On highway 10 – high risk – no space to fall
cars come so close at high speeds,
their wind moves us in the wrong direction.
On interstate 10’s entrance ramp, there’s
8 inches of clearance between the wall
and the road to Baton Rouge.
The white Dodge Dart pulls over.
An old man: ”You want a ride? get in.”
He stares ahead, a stone.
Sharp and I sit next to him in the front bench seat —
the man’s hands!
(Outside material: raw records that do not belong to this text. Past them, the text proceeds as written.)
(* Let $q\ge2$ and let $f\colon\mathbb{N}_0\to\mathbb{U}$ be strongly $q$-multiplicative. Then either there exists an integer $0\le p<q-1$ such that $f(n)=e(np/(q-1))$ for all $n\in\mathbb{N}_0$, or $f$ is of Gelfond type of order $1$, i.e. there exists $\gamma<1$ such that $$\sup_{\alpha\in\mathbb{R}}\Big|\sum_{n=0}^{N-1}f(n)e(\alpha n)\Big|\ll N^{\gamma}\qquad(N\ge1).$$
   Context: $\mathbb{N}_0=\{0,1,\dots\}$, $\mathbb{U}=\{z\in\mathbb{C}:|z|=1\}$, $e(t)=e^{2\pi i t}$. $f$ is $q$-multiplicative if $f(m+n)=f(m)f(n)$ whenever $t,m,n\ge0$, $m<q^t$, $q^t\mid n$; it is strongly $q$-multiplicative if moreover $f(qn)=f(n)$ for all $n\in\mathbb{N}_0$. $X\ll Y$ means $|X|\le CY$ with $C$ independent of $N$. *)

From Stdlib Require Import Reals Lra Lia.
From Coquelicot Require Import Coquelicot.
Open Scope R_scope.

Definition e (t : R) : C := (cos (2 * PI * t), sin (2 * PI * t)).

Definition unimodular (f : nat -> C) : Prop := forall n, Cmod (f n) = 1.

Definition q_multiplicative (q : nat) (f : nat -> C) : Prop :=
  forall t m n : nat, (m < q ^ t)%nat -> Nat.divide (q ^ t) n ->
    f (m + n)%nat = Cmult (f m) (f n).

Definition strongly_q_multiplicative (q : nat) (f : nat -> C) : Prop :=
  q_multiplicative q f /\ forall n : nat, f (q * n)%nat = f n.

Fixpoint csum (g : nat -> C) (N : nat) : C :=
  match N with
  | O => (0, 0)
  | S k => Cplus (csum g k) (g k)
  end.

(* Write S(a, N) for the twisted sum of f up to N.  Strong q-multiplicativity gives
   S(a, qN) = S(a, q) S(qa, N), hence, up to an error O(q^2),
   |S(a, N)| <= |S(a, q)| |S(qa, q)| |S(q^2 a, N / q^2)|.
   The continuous 1-periodic function b |-> |S(b, q)| |S(qb, q)| attains its maximum M <= q^2.
   If M = q^2 then at the maximum all terms of S(b, q) and of S(qb, q) are equal to the first
   one, i.e. f(d) = e(-bd) = e(-qbd) for every digit d; so (q-1)b is an integer and f is
   n |-> e(np/(q-1)) on digits, hence everywhere.  Otherwise M < q^2, and iterating the
   recursion yields |S(a, N)| << N^gamma with gamma = log M / log q^2 < 1. *)

From Stdlib Require Import Reals Lra Lia ZArith Classical.
From Coquelicot Require Import Coquelicot.
Open Scope R_scope.

Lemma e_add s t : e (s + t) = (e s * e t)%C.
Proof.
  unfold e, Cmult; simpl. rewrite Rmult_plus_distr_l, cos_plus, sin_plus.
  f_equal; ring.
Qed.

Lemma e_0 : e 0 = 1%C.
Proof. unfold e. rewrite Rmult_0_r, cos_0, sin_0. reflexivity. Qed.

Lemma Cmod_e t : Cmod (e t) = 1.
Proof.
  unfold Cmod, e; cbn [fst snd].
  rewrite <- sqrt_1, <- (sin2_cos2 (2 * PI * t)). unfold Rsqr. f_equal; ring.
Qed.

Lemma e_IZR z : e (IZR z) = 1%C.
Proof.
  unfold e.
  replace (2 * PI * IZR z) with (2 * (IZR z * PI)) by ring.
  assert (Hsin : sin (IZR z * PI) = 0) by (apply sin_eq_0_1; exists z; reflexivity).
  rewrite cos_2a_sin, sin_2a, Hsin. unfold RtoC; f_equal; ring.
Qed.

Lemma e_plus_IZR t z : e (t + IZR z) = e t.
Proof. rewrite e_add, e_IZR. ring. Qed.

Lemma e_eq_1 t : e t = 1%C -> exists k, t = IZR k.
Proof.
  unfold e, RtoC. intros [= Hcos _].
  replace (2 * PI * t) with (2 * (PI * t)) in Hcos by ring.
  rewrite cos_2a_sin in Hcos.
  destruct (sin_eq_0_0 (PI * t)) as [k Hk]; [nra|].
  exists k. apply (Rmult_eq_reg_l PI); [lra | pose proof PI_RGT_0; lra].
Qed.

Lemma Cmult_e_eq_1 z t : (z * e t)%C = 1%C -> z = e (- t).
Proof.
  intros H.
  transitivity (z * e t * e (- t))%C.
  - rewrite <- Cmult_assoc, <- e_add, Rplus_opp_r, e_0. ring.
  - rewrite H. ring.
Qed.

Lemma csum_0 g : csum g 0 = 0%C.
Proof. reflexivity. Qed.

Lemma csum_S g n : csum g (S n) = (csum g n + g n)%C.
Proof. reflexivity. Qed.

Lemma csum_ext g h n :
  (forall j, (j < n)%nat -> g j = h j) -> csum g n = csum h n.
Proof.
  induction n as [|n IH]; intros H; [reflexivity|].
  rewrite !csum_S, IH, H; auto.
Qed.

Lemma csum_split g m n :
  csum g (m + n) = (csum g m + csum (fun j => g (m + j)%nat) n)%C.
Proof.
  induction n as [|n IH].
  - rewrite Nat.add_0_r, csum_0. ring.
  - rewrite Nat.add_succ_r, !csum_S, IH. ring.
Qed.

Lemma csum_mult_r g c n :
  csum (fun j => g j * c)%C n = (csum g n * c)%C.
Proof. induction n as [|n IH]; rewrite ?csum_S, ?csum_0, ?IH; ring. Qed.

Lemma Cmod_csum_le g n :
  (forall j, (j < n)%nat -> Cmod (g j) <= 1) -> Cmod (csum g n) <= INR n.
Proof.
  induction n as [|n IH]; intros H.
  - rewrite csum_0, Cmod_0. simpl; lra.
  - rewrite csum_S, S_INR. eapply Rle_trans; [apply Cmod_triangle|].
    assert (Cmod (csum g n) <= INR n) by auto.
    assert (Cmod (g n) <= 1) by auto. lra.
Qed.

Lemma Cmod_csum_le_pair (u : nat -> C) n d : (0 < d < n)%nat ->
  (forall j, (j < n)%nat -> Cmod (u j) <= 1) ->
  Cmod (csum u n) <= Cmod (u 0%nat + u d)%C + INR n - 2.
Proof.
  intros Hd Hu.
  set (d' := (d - 1)%nat). set (k := (n - S d)%nat).
  assert (Hn : n = (1 + d' + 1 + k)%nat) by lia.
  assert (Hmid : Cmod (csum (fun j => u (1 + j)%nat) d') <= INR d')
    by (apply Cmod_csum_le; intros; apply Hu; lia).
  assert (Htail : Cmod (csum (fun j => u (1 + d' + 1 + j)%nat) k) <= INR k)
    by (apply Cmod_csum_le; intros; apply Hu; lia).
  rewrite Hn, !csum_split, !csum_S, !csum_0. replace (1 + d' + 0)%nat with d by lia.
  replace (0 + u 0%nat + csum (fun j => u (1 + j)%nat) d' + (0 + u d)
           + csum (fun j => u (1 + d' + 1 + j)%nat) k)%C
    with (u 0%nat + u d + csum (fun j => u (1 + j)%nat) d'
          + csum (fun j => u (1 + d' + 1 + j)%nat) k)%C by ring.
  rewrite !plus_INR. simpl INR.
  pose proof (Cmod_triangle (u 0%nat + u d + csum (fun j => u (1 + j)%nat) d')
                (csum (fun j => u (1 + d' + 1 + j)%nat) k)).
  pose proof (Cmod_triangle (u 0%nat + u d) (csum (fun j => u (1 + j)%nat) d')).
  lra.
Qed.

Lemma unimodular_eq_1 z : Cmod z = 1 -> 2 <= Cmod (1 + z)%C -> z = 1%C.
Proof.
  intros Hz H2.
  assert (Hsq : forall w : C, Cmod w * Cmod w = fst w ^ 2 + snd w ^ 2)
    by (intros w; apply sqrt_sqrt; destruct w; simpl; nra).
  pose proof (Hsq z) as Sz. pose proof (Hsq (1 + z)%C) as S1z.
  pose proof (Cmod_ge_0 (1 + z)%C).
  destruct z as [x y]. simpl in *. rewrite Hz in Sz.
  assert (x = 1) by nra. subst. unfold RtoC. f_equal. nra.
Qed.

Lemma csum_unimodular_eq_1 (u : nat -> C) n : u 0%nat = 1%C ->
  (forall j, (j < n)%nat -> Cmod (u j) = 1) ->
  INR n <= Cmod (csum u n) -> forall d, (d < n)%nat -> u d = 1%C.
Proof.
  intros H0 Hu Hfull d Hd.
  destruct d as [|d]; [exact H0|].
  apply unimodular_eq_1; [auto|].
  rewrite <- H0.
  pose proof (Cmod_csum_le_pair u n (S d) ltac:(lia)
                ltac:(intros j Hj; rewrite Hu; auto; lra)).
  lra.
Qed.

Definition twisted_sum (f : nat -> C) (a : R) (N : nat) : C :=
  csum (fun n => f n * e (a * INR n))%C N.

Lemma continuity_pt_e_mul c x :
  continuity_pt (fun a => fst (e (a * c))) x /\ continuity_pt (fun a => snd (e (a * c))) x.
Proof. unfold e; cbn [fst snd]. split; reg. Qed.

Lemma continuity_pt_twisted_sum f N x :
  continuity_pt (fun a => fst (twisted_sum f a N)) x /\
  continuity_pt (fun a => snd (twisted_sum f a N)) x.
Proof.
  induction N as [|N [IHre IHim]].
  - split; apply continuity_pt_const; intros ? ?; reflexivity.
  - destruct (continuity_pt_e_mul (INR N) x) as [Hre Him].
    change (fun a => fst (twisted_sum f a (S N))) with
      (fun a => fst (twisted_sum f a N)
                + (fst (f N) * fst (e (a * INR N)) - snd (f N) * snd (e (a * INR N)))).
    change (fun a => snd (twisted_sum f a (S N))) with
      (fun a => snd (twisted_sum f a N)
                + (fst (f N) * snd (e (a * INR N)) + snd (f N) * fst (e (a * INR N)))).
    split; repeat first [ apply continuity_pt_minus | apply continuity_pt_plus
                        | apply (continuity_pt_scal (fun a => fst (e (a * INR N))))
                        | apply (continuity_pt_scal (fun a => snd (e (a * INR N))))
                        | assumption ].
Qed.

Lemma continuity_pt_Cmod (g : R -> C) x :
  continuity_pt (fun t => fst (g t)) x -> continuity_pt (fun t => snd (g t)) x ->
  continuity_pt (fun t => Cmod (g t)) x.
Proof.
  intros Hre Him. unfold Cmod.
  apply (continuity_pt_comp (fun t => fst (g t) ^ 2 + snd (g t) ^ 2) sqrt).
  - apply continuity_pt_plus; simpl; apply continuity_pt_mult; auto;
      apply continuity_pt_mult; auto; apply continuity_pt_const; intros ? ?; reflexivity.
  - apply continuity_pt_sqrt. nra.
Qed.

Lemma continuity_pt_Cmod_twisted_sum f N x :
  continuity_pt (fun a => Cmod (twisted_sum f a N)) x.
Proof.
  destruct (continuity_pt_twisted_sum f N x).
  apply (continuity_pt_Cmod (fun a => twisted_sum f a N)); assumption.
Qed.

Lemma twisted_sum_plus_IZR f a z N :
  twisted_sum f (a + IZR z) N = twisted_sum f a N.
Proof.
  apply csum_ext. intros n _.
  replace ((a + IZR z) * INR n) with (a * INR n + IZR (z * Z.of_nat n))
    by (rewrite mult_IZR, <- INR_IZR_INZ; ring).
  rewrite e_plus_IZR. reflexivity.
Qed.

Lemma Cmod_twisted_sum_le f a N : unimodular f -> Cmod (twisted_sum f a N) <= INR N.
Proof.
  intros Hu. apply Cmod_csum_le. intros n _.
  rewrite Cmod_mult, Cmod_e, Hu. lra.
Qed.

Lemma e_opp_mul_eq_frac (m : nat) (b : R) (k : Z) : (0 < m)%nat ->
  INR m * b = IZR k ->
  exists p, (p < m)%nat /\ forall d : nat, e (- (b * INR d)) = e (INR d * (INR p / INR m)).
Proof.
  intros Hm Hk.
  assert (Hm' : (0 < Z.of_nat m)%Z) by lia.
  pose proof (Z.mod_pos_bound (- k) (Z.of_nat m) Hm') as Hr.
  pose proof (Z.div_mod (- k) (Z.of_nat m) ltac:(lia)) as Hdiv.
  set (r := ((- k) mod Z.of_nat m)%Z) in *. set (w := ((- k) / Z.of_nat m)%Z) in *.
  clearbody r w. exists (Z.to_nat r). split; [lia|]. intros d.
  assert (HINR : INR (Z.to_nat r) = IZR r) by (rewrite INR_IZR_INZ, Z2Nat.id; [reflexivity | lia]).
  assert (HINm : 0 < INR m) by (apply lt_0_INR; lia).
  replace (- (b * INR d)) with (INR d * (INR (Z.to_nat r) / INR m) + IZR (Z.of_nat d * w)).
  { apply e_plus_IZR. }
  assert (Hb : b = IZR k / INR m) by (rewrite <- Hk; field; lra).
  rewrite Hb, HINR, mult_IZR, <- INR_IZR_INZ.
  replace (IZR k) with (- IZR (- k)) by (rewrite opp_IZR; ring).
  rewrite Hdiv, plus_IZR, mult_IZR, <- INR_IZR_INZ. field. lra.
Qed.

Lemma e_frac_pred_mul_q (q m p : nat) : (2 <= q)%nat ->
  e (INR (q * m) * (INR p / INR (q - 1))) = e (INR m * (INR p / INR (q - 1))).
Proof.
  intros Hq.
  assert (Hq2 : 2 <= INR q) by (apply (le_INR 2); exact Hq).
  assert (Hq1 : INR (q - 1) = INR q - 1) by (rewrite minus_INR by lia; reflexivity).
  replace (INR (q * m) * (INR p / INR (q - 1)))
    with (INR m * (INR p / INR (q - 1)) + IZR (Z.of_nat (m * p))).
  { apply e_plus_IZR. }
  rewrite <- INR_IZR_INZ, !mult_INR, Hq1. field. lra.
Qed.

Definition linear_phase (q : nat) (f : nat -> C) : Prop :=
  exists p : nat, (p < q - 1)%nat /\
    forall n : nat, f n = e (INR n * INR p / INR (q - 1)).

Section StronglyMultiplicative.

Variables (q : nat) (f : nat -> C).
Hypotheses (Hq : (2 <= q)%nat) (Hu : unimodular f)
  (Hf : strongly_q_multiplicative q f).

Lemma strongly_q_multiplicative_0 : f 0%nat = 1%C.
Proof.
  destruct Hf as [Hmul _].
  assert (Hsq : f 0%nat = (f 0%nat * f 0%nat)%C)
    by exact (Hmul 0%nat 0%nat 0%nat ltac:(simpl; lia) (Nat.divide_0_r _)).
  assert (Hnz : f 0%nat <> 0%C)
    by (intros H0; pose proof (Hu 0%nat) as H1; rewrite H0, Cmod_0 in H1; lra).
  transitivity (f 0%nat * f 0%nat * / f 0%nat)%C.
  - field. exact Hnz.
  - rewrite <- Hsq. field. exact Hnz.
Qed.

Lemma strongly_q_multiplicative_digit d m : (d < q)%nat ->
  f (d + q * m)%nat = (f d * f m)%C.
Proof.
  destruct Hf as [Hmul Hscale]. intros Hd.
  rewrite (Hmul 1%nat), Hscale; [reflexivity | rewrite Nat.pow_1_r; exact Hd |].
  rewrite Nat.pow_1_r. exists m. ring.
Qed.

Lemma twisted_sum_mul_q a N :
  twisted_sum f a (q * N) = (twisted_sum f a q * twisted_sum f (INR q * a) N)%C.
Proof.
  unfold twisted_sum. induction N as [|N IH].
  - rewrite Nat.mul_0_r, !csum_0. ring.
  - replace (q * S N)%nat with (q * N + q)%nat by ring.
    assert (Hblock : csum (fun j => f (q * N + j)%nat * e (a * INR (q * N + j)))%C q
                     = (csum (fun j => f j * e (a * INR j)) q
                        * (f N * e (INR q * a * INR N)))%C).
    { rewrite <- csum_mult_r. apply csum_ext. intros j Hj.
      rewrite Nat.add_comm, strongly_q_multiplicative_digit, plus_INR, mult_INR by exact Hj.
      replace (a * (INR j + INR q * INR N)) with (a * INR j + INR q * a * INR N) by ring.
      rewrite e_add. ring. }
    rewrite csum_split, IH, csum_S, Hblock. ring.
Qed.

Lemma Cmod_twisted_sum_le_step a N :
  Cmod (twisted_sum f a N)
    <= Cmod (twisted_sum f a q) * Cmod (twisted_sum f (INR q * a) (N / q)) + INR q.
Proof.
  assert (Hrem : (N mod q < q)%nat) by (apply Nat.mod_upper_bound; lia).
  unfold twisted_sum at 1. rewrite (Nat.div_mod N q) at 1 by lia. rewrite csum_split.
  fold (twisted_sum f a (q * (N / q))). rewrite twisted_sum_mul_q.
  eapply Rle_trans; [apply Cmod_triangle|]. rewrite Cmod_mult.
  apply Rplus_le_compat_l. eapply Rle_trans.
  - apply Cmod_csum_le. intros n _. rewrite Cmod_mult, Cmod_e, Hu. lra.
  - apply le_INR. lia.
Qed.

Lemma Cmod_twisted_sum_le_two_step (M : R) a N :
  (forall b, Cmod (twisted_sum f b q) * Cmod (twisted_sum f (INR q * b) q) <= M) ->
  Cmod (twisted_sum f a N)
    <= M * Cmod (twisted_sum f (INR q * (INR q * a)) (N / q / q)) + INR q * INR q + INR q.
Proof.
  intros HM.
  pose proof (Cmod_twisted_sum_le_step a N).
  pose proof (Cmod_twisted_sum_le_step (INR q * a) (N / q)).
  pose proof (HM a).
  pose proof (Cmod_twisted_sum_le f a q Hu).
  pose proof (Cmod_ge_0 (twisted_sum f a q)).
  pose proof (Cmod_ge_0 (twisted_sum f (INR q * a) q)).
  pose proof (Cmod_ge_0 (twisted_sum f (INR q * (INR q * a)) (N / q / q))).
  nra.
Qed.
Each finger tattooed
Hard Luck Lost Love –
no questions from me.
“Do you drink beer?”
hungover from New Orleans,
I babble “Uh, yes. Sometimes
I do and sometimes I don’t;
“Goddammit! I asked, do you drink beer?”
I’m yelling, Sharp’s yelling
“Yes sir. Yes, sir we drink beer.”
“Reach behind that cooler,
get us 3.
Don’t let anyone see
I got to get to Seattle –
I don’t have no driver’s license or registration.”
I reach into the styrofoam cooler
grab 3 Dixie beers.
He pulls off the side of the highway.
“I got to take me a piss.”
Tall rushes provide cover.
The old man’s got the hood of the car open,
He’s pissing into the radiator.
Driving west on route 10, we break.
I’m eating a hot roast beef sandwich, nice—
gravy and mashed potatoes.
We think we’ve made a new friend,
but, he matter-of-fact delivers his goodbye:
“I’m done with you; you’re own your own.”